For my next music video, I thought it would be fun to a fine tune a stable-diffusion model with Cyberpunk 2077 images. My plan was as follows:
- collect about a thousand images from the games photomode system
- provide natural language captions for them
- and then train a stable-diffusion checkpoint on that data.
It was fairly quick to find a 1000 images from the game and with the help of BLIP and manual labor I created captions for all of them.
![](/p/fine-tuning-stable-diffusion-failure/cyberpunkgrid_hue5d6dc6da23681b130d18a884e0f92d4_704121_0x800_resize_q75_box.jpg)
Training requires bigger GPUs than I have access to myself. Fortunately, LambdaLabs provides access to Cloud GPUs at a price that’s about 5x cheaper when comparing to GCP. Although, LambdaLabs was quite oversubscribed I was able to rent an NVidia A100 sxm4
with 40GB
of memory for $1.10/hour; this is compared to a purchase price of about $10,000.
![](/p/fine-tuning-stable-diffusion-failure/a100gpu_hueb835ab5de33f6bd73203f853d4caf09_94022_0x800_resize_q75_box.jpg)
The repo from Justin Pinkey provided a great starting point for this and was super easy to use. The only changes I made were additional steps to boostrap the environment on an empty Ubuntu installation and a small tweak to the dataset loader to accept directories with image files and corresponding captions rather than downloading a dataset from Huggingface.
![](/p/fine-tuning-stable-diffusion-failure/A100train-v2_huad6ba51525d66b59d1e918ba5d2b37cb_48890_0x800_resize_q75_box.jpg)
After training for 219 epochs which took roughly 20 hours, I ended up with about 15 checkpoints each 14GB in size; with pruning the checkpoint can be reduced to 4GB and by converting to fp16 the size can be reduced even further. Here is a test grid from the model for the simple prompt: a woman
![](/p/fine-tuning-stable-diffusion-failure/grid-woman_hu8107f8c44621166e783635fe757f5f0d_607448_0x800_resize_q75_box.jpg)

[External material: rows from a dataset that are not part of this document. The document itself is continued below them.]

Lemma Cinv_2i : Cinv (Cmul (RtoC 2) Ci) = (0, - / 2).
Proof. unfold Cinv, Cmul, RtoC, Ci. cbn [fst snd]. f_equal; field. Qed.

Lemma re_inner_realpart (x y : H) :
  4 * fst (inner (realpart A As x) y) = 2 * fst (inner (A x) y) + 2 * fst (inner (A y) x).
Proof.
  unfold realpart, RtoC. inner_expand. rewrite (re_inner_sym y (As x)), <- adjA. lra.
Qed.

Lemma re_inner_imagpart (x y : H) :
  4 * fst (inner (imagpart A As x) y) = 2 * snd (inner (A x) y) + 2 * snd (inner (A y) x).
Proof.
  unfold imagpart, vsub. rewrite Cinv_2i. inner_expand.
  rewrite (im_inner_sym y (As x)), <- adjA. lra.
Qed.

Lemma re_inner_realpart_le (w : R) : is_linear A -> is_numrad A w ->
  forall x, vnorm x = 1 -> fst (inner (realpart A As x) (realpart A As x)) <= w ^ 2.
Proof.
  intros linA hw x hx. apply (re_inner_part_le _ (fun x y => fst (inner (A x) y))).
  - exact (numrad_ge0 A w hw x hx).
  - exact re_inner_realpart.
  - intros y z. exact (proj1 (numrad_polar_bounds A w linA hw y z)).
  - exact hx.
Qed.

Lemma re_inner_imagpart_le (w : R) : is_linear A -> is_numrad A w ->
  forall x, vnorm x = 1 -> fst (inner (imagpart A As x) (imagpart A As x)) <= w ^ 2.
Proof.
  intros linA hw x hx. apply (re_inner_part_le _ (fun x y => snd (inner (A x) y))).
  - exact (numrad_ge0 A w hw x hx).
  - exact re_inner_imagpart.
  - intros y z. exact (proj2 (numrad_polar_bounds A w linA hw y z)).
  - exact hx.
Qed.

Lemma re_inner_add_adjoint (x : H) :
  fst (inner (A x) (A x)) + fst (inner (As x) (As x)) =
  2 * fst (inner (realpart A As x) (realpart A As x)) +
  2 * fst (inner (imagpart A As x) (imagpart A As x)).
Proof. unfold realpart, imagpart, vsub. rewrite Cinv_2i. unfold RtoC. inner_expand. lra. Qed.

Lemma re_inner_adjoint_ge (Ainv : H -> H) (nAinv : R) :
  (forall x, A (Ainv x) = x) -> is_opnorm Ainv nAinv ->
  forall x, vnorm x = 1 -> / (nAinv ^ 2) <= fst (inner (As x) (As x)).
Proof.
  intros AAinv hnAinv x hx.
  pose proof (re_inner_opnorm_le Ainv nAinv hnAinv x hx) as hAinv.
  assert (h1 : fst (inner (Ainv x) (As x)) = 1)
    by (rewrite <- adjA, AAinv; exact (re_inner_unit x hx)).
  apply inv_le_of_forall_quadratic; [apply pow2_ge_0|]. intros s s_gt0.
  (* expand 0 <= ‖s Ainv x - As x‖² *)
  pose proof (re_inner_self_ge0 (vadd (vscal (s, 0) (Ainv x)) (vscal (-1, 0) (As x)))) as h.
  revert h. inner_expand. rewrite (re_inner_sym (Ainv x) (As x)). nra.
Qed.

End CartesianDecomposition.
End InnerProduct.

Theorem corollary2p3 (H : PreHilbert) (Hcomplete : complete H)
  (A As Ainv : H -> H)
  (nA nAinv nA1 nA2 w : R) :
  bounded_op A ->
  is_adjoint A As ->
  bounded_op Ainv ->
  (forall x, Ainv (A x) = x) ->
  (forall x, A (Ainv x) = x) ->
  is_opnorm A nA ->
  is_opnorm Ainv nAinv ->
  is_opnorm (realpart A As) nA1 ->
  is_opnorm (imagpart A As) nA2 ->
  is_numrad A w ->
  2 * Rmin (nA1 ^ 2) (nA2 ^ 2) <= / (nAinv ^ 2) ->
  nA <= sqrt 2 * w.
Proof.
  intros [linA _] adjA _ _ AAinv hnA hnAinv hnA1 hnA2 hw hD.
  apply (proj2 hnA). intros r [x [hx ->]].
  pose proof (numrad_ge0 A w hw x hx) as w_ge0.
  pose proof (re_inner_add_adjoint A As x) as hcart.
  pose proof (re_inner_adjoint_ge A As adjA Ainv nAinv AAinv hnAinv x hx) as hadj.
  pose proof (re_inner_opnorm_le _ _ hnA1 x hx) as hR1.
  pose proof (re_inner_opnorm_le _ _ hnA2 x hx) as hR2.
  pose proof (re_inner_realpart_le A As adjA w linA hw x hx) as hR1w.
  pose proof (re_inner_imagpart_le A As adjA w linA hw x hx) as hR2w.
  apply vnorm_le_of_re_inner_le.
  { pose proof (sqrt_pos 2). nra. }
  rewrite Rpow_mult_distr, pow2_sqrt by lra.
  revert hD. apply Rmin_case_strong; intros; lra.
Qed.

You don’t want to see the test grids for more complex prompts. They looked terrible and I’ll just show you just one example:
![](/p/fine-tuning-stable-diffusion-failure/grid-terrible_hu119b696651f651067a7fd472099282d9_1499108_0x800_resize_box_3.png)
Some of the problem with training was likely that I did not have enough images and that unlike the pokemon example, the images were visually more varied while not being very diverse. By going with photomode pictures, I ended up with very pretty shots but they mostly showed a few of the game’s prominent characters, e.g. Judy or Panam. That said this experiment was relatively inexpensive.
![](/p/fine-tuning-stable-diffusion-failure/A100LambdaCost_hu39289c81cf0f53ad1ac2cb920d041395_46535_0x800_resize_q75_box.jpg)
And overall, this was quite worth the experience. Onwards and upwards.